_WHAT IS BEING ASKED_
In which lines of the data does the string "Htight" appear? Copy every one.

***** EXTRACTED DATA *****

Lemma sorts_in_size_sub2 s : normal s -> fully_ternary s -> last 0 s = 2 ->
  s <> [:: 0; 2; 1; 2] -> sorts_in (size s - 2) s.
Proof.
elim: {s}(size s) {-2}s (leqnn (size s)) => [|n IH] s Hsz Hn Hft Hl Hne.
  by apply: small_sorts_in => //; lia.
have [Hs6|Hs7] := leqP (size s) 6; first exact: small_sorts_in.
case: s Hsz Hn Hft Hl Hne Hs7 => [//|a w] Hsz Hn Hft Hl Hne Hs7.
have [Haw|Haw] := boolP (a \in w); last first.
  by rewrite subn2 /=; apply: sorts_in_unique_head.
have [x [y Ew]] : exists x y, w = x ++ a :: y.
  exists (take (index a w) w), (drop (index a w).+1 w).
  by rewrite -{1}(cat_take_drop (index a w) w) (drop_nth a) ?index_mem ?nth_index.
subst w.
have Hsize : size (a :: x ++ a :: y) = (size (rev x ++ a :: y)).+1.
  by rewrite /= !size_cat size_rev.
rewrite Hsize subSn; last by move: Hs7; rewrite Hsize; lia.
apply: (@sorts_in_flip (size x).+1); first by rewrite /= size_cat /=; lia.
rewrite flip_move //; apply: IH.
- by move: Hsz; rewrite Hsize.
- exact: normal_move.
- exact: fully_ternary_move.
- by move: Hl; rewrite /= !last_cat.
- by move=> Et; move: Hs7; rewrite Hsize Et.
Qed.

Theorem lemma4p5 (s : seq nat) :
  bad s -> s <> [:: 0; 2; 1; 2] ->
  sorting_distance_is s (size s - 2).
Proof.
move=> Hbad Hne; have [Hn [Hft [Hl _]]] := Hbad.
split; first exact: sorts_in_size_sub2.
move=> k [idx [<- Hidx]].
have [Hle Htight] := apply_flips_size Hn Hidx.
case: (ltnP (size s) (size idx + 3)) => Hlt; first lia.
by case: (bad_not_tight Hbad); apply: Htight; lia.
Qed.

*****

_OUTPUT BELOW_
have [Hle Htight] := apply_flips_size Hn Hidx.
by case: (bad_not_tight Hbad); apply: Htight; lia.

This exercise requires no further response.